▶ **Stored data entries**:
▼

Lemma cubic_row_b a (b bh : R * R -> R) (g1 g3 h1 h3 : R) :
  smooth_on ef b -> smooth_on ef bh ->
  flat 4 (fun p => b p - cube_axes g1 g3 p) -> flat 4 (fun p => bh p - cube_axes h1 h3 p) ->
  flat 2 e1 -> flat 2 e2 ->
  flat 4 (fun q => sqdiff (t q) - sqdiff q) ->
  flat 4 (fun q => (a * sqsum (t q) + b (t q)) - (a * sqsum q + bh q)) ->
  g1 = h1 /\ g3 = h3.
Proof.
  intros Sb Sbh Ib Ibh J1 J2 R0 R1.
  assert (Se1 := smooth_on_e1). assert (Se2 := smooth_on_e2).
  assert (Sbd : smooth_on d b) by (apply (smooth_on_le ef); auto).
  assert (Sbhd : smooth_on d bh) by (apply (smooth_on_le ef); auto).
  assert (Sbt := smooth_on_comp d ef t Ht _ Sb Ht1 Ht2).
  assert (Sdt := smooth_on_comp d ef t Ht _ (smooth_on_sqdiff ef) Ht1 Ht2).
  assert (Sst := smooth_on_comp d ef t Ht _ (smooth_on_sqsum ef) Ht1 Ht2).
  assert (Sd := smooth_on_sqdiff d). assert (Ss := smooth_on_sqsum d).
  assert (Sg : smooth_on d (cube_axes g1 g3)) by apply smooth_on_cube_axes.
  assert (Sh : smooth_on d (cube_axes h1 h3)) by apply smooth_on_cube_axes.
  assert (I11 : flat 4 (fun q => e1 q * e1 q)) by (apply (flat_mult d Hd 4 e1 e1 2 2); auto).
  assert (I22 : flat 4 (fun q => e2 q * e2 q)) by (apply (flat_mult d Hd 4 e2 e2 2 2); auto).
  assert (K : flat 4 (fun q => b (t q) - b q)).
  { apply (flat_comp_id_sub 2 4 b 3); auto; try lia.
    apply (flat3_of_flat4_sub_cube ef b g1 g3); auto. lra. }
  cut (g1 - h1 = 0 /\ g3 - h3 = 0); [lra |].
  apply (cube_axes_zero_of_flat4 d a e1 e2); auto.
  - apply (flat_eq_near0 d Hd) with
      (fun q => / 2 * (sqdiff (t q) - sqdiff q) - / 2 * (e1 q * e1 q - e2 q * e2 q)).
    + intros q _. rewrite sqdiff_comp_sub. field.
    + flat_lin d.
  - apply (flat_eq_near0 d Hd) with (fun q =>
        ((a * sqsum (t q) + b (t q)) - (a * sqsum q + bh q)) - a * (e1 q * e1 q + e2 q * e2 q)
        - (b (t q) - b q) - (b q - cube_axes g1 g3 q) + (bh q - cube_axes h1 h3 q)).
    + intros q _.
      replace (a * sqsum (t q) + b (t q) - (a * sqsum q + bh q))
        with (a * (sqsum (t q) - sqsum q) + b (t q) - bh q) by ring.
      rewrite sqsum_comp_sub. unfold cube_axes. ring.
    + flat_lin d.
Qed.

(** Induction step: once [e1], [e2] are flat to order [k >= 2], the first two
    components make [u e1] and [v e2] flat to order [k + 2], and dividing by
    [u] and [v] gains one order. *)
Lemma flat_sub_id_all a b : 0 < a -> smooth_on ef b -> flat 3 b -> flat 2 e1 -> flat 2 e2 ->
  (forall k, flat k (fun q => sqdiff (t q) - sqdiff q)) ->
  (forall k, flat k (fun q => (a * sqsum (t q) + b (t q)) - (a * sqsum q + b q))) ->
  forall k, flat k e1 /\ flat k e2.
Proof.
  intros Ha Sb Ib J1 J2 R0 R1.
  assert (Se1 := smooth_on_e1). assert (Se2 := smooth_on_e2).
  assert (Sbd : smooth_on d b) by (apply (smooth_on_le ef); auto).
  assert (Sbt := smooth_on_comp d ef t Ht _ Sb Ht1 Ht2).
  assert (Sdt := smooth_on_comp d ef t Ht _ (smooth_on_sqdiff ef) Ht1 Ht2).
  assert (Sst := smooth_on_comp d ef t Ht _ (smooth_on_sqsum ef) Ht1 Ht2).
  assert (Sd := smooth_on_sqdiff d). assert (Ss := smooth_on_sqsum d).
  assert (Step : forall k, flat (k + 2) e1 /\ flat (k + 2) e2).
  { induction k as [|k [K1 K2]]; [split; auto|].
    set (m := (k + 2)%nat) in *.
    assert (I11 : flat (m + 2) (fun q => e1 q * e1 q)) by (apply (flat_mult d Hd _ e1 e1 m m); auto; lia).
    assert (I22 : flat (m + 2) (fun q => e2 q * e2 q)) by (apply (flat_mult d Hd _ e2 e2 m m); auto; lia).
    assert (K : flat (m + 2) (fun q => b (t q) - b q)) by (apply (flat_comp_id_sub m _ b 3); auto; lia).
    assert (R0m := R0 (m + 2)%nat). assert (R1m := R1 (m + 2)%nat).
    assert (R1m' : flat (m + 2) (fun q => sqsum (t q) - sqsum q)).
    { apply (flat_eq_near0 d Hd) with
        (fun q => / a * (((a * sqsum (t q) + b (t q)) - (a * sqsum q + b q)) - (b (t q) - b q)));
        [intros q _; field; lra | flat_lin d]. }
    replace (S k + 2)%nat with (S m) by (unfold m; lia).
    split; [apply (flat_fst_mult_inv d Hd) | apply (flat_snd_mult_inv d Hd)]; auto;
      replace (S (S m)) with (m + 2)%nat by lia.
    - apply (flat_eq_near0 d Hd) with (fun q => / 4 *
          ((sqdiff (t q) - sqdiff q) + (sqsum (t q) - sqsum q) - 2 * (e1 q * e1 q)));
        [intros q _; rewrite sqdiff_comp_sub, sqsum_comp_sub; field | flat_lin d].
    - apply (flat_eq_near0 d Hd) with (fun q => / 4 *
          ((sqsum (t q) - sqsum q) - (sqdiff (t q) - sqdiff q) - 2 * (e2 q * e2 q)));
        [intros q _; rewrite sqdiff_comp_sub, sqsum_comp_sub; field | flat_lin d]. }
  intros k. destruct (Step k) as [K1 K2]. split; apply flat_le with (k + 2)%nat; auto; lia.
Qed.

End NearIdentity.

(** * Normal forms and charts *)

Definition nf_gen (a : R) (b c : R * R -> R) : map3 :=
  fun i p => match i with
             | 0%nat => sqdiff p
             | 1%nat => a * sqsum p + b p
             | _ => c p
             end.

Definition cubic_part (p1 : R -> R) (p2 : R * R -> R) (p3 : R -> R) : R * R -> R :=
  fun p => fst p ^ 3 * p1 (fst p) + fst p ^ 2 * snd p ^ 2 * p2 p + snd p ^ 3 * p3 (snd p).

Lemma nf_nf_gen a b1 b2 b3 c1 c2 c3 :
  nf a b1 b2 b3 c1 c2 c3 = nf_gen a (cubic_part b1 b2 b3) (cubic_part c1 c2 c3).
Proof. reflexivity. Qed.

(** The normal form data [(a, b, c)] on the box of radius [e], with 3-jets
    [b = g1 u^3 + g3 v^3] and [c = k1 u^3 + k3 v^3] at the origin. *)
Definition nf_on (e a : R) (b c : R * R -> R) (g1 g3 k1 k3 : R) : Prop :=
  0 < a /\ 0 < k1 /\ 0 < k3 /\ smooth_on e b /\ smooth_on e c /\
  flat 4 (fun p => b p - cube_axes g1 g3 p) /\ flat 4 (fun p => c p - cube_axes k1 k3 p).

Lemma nf_on_le e e' a b c g1 g3 k1 k3 : e' <= e -> nf_on e a b c g1 g3 k1 k3 -> nf_on e' a b c g1 g3 k1 k3.
Proof.
  intros He (Ha & Hk1 & Hk3 & Sb & Sc & Ib & Ic).
  refine (conj Ha (conj Hk1 (conj Hk3 (conj _ (conj _ (conj Ib Ic)))))); apply (smooth_on_le e); auto.
Qed.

▲

▶ **WHAT THE TASK REQUIRES**:
From the data above, determine how many lines hold "Definition", and write only the number.

▶ **RESULT**:
3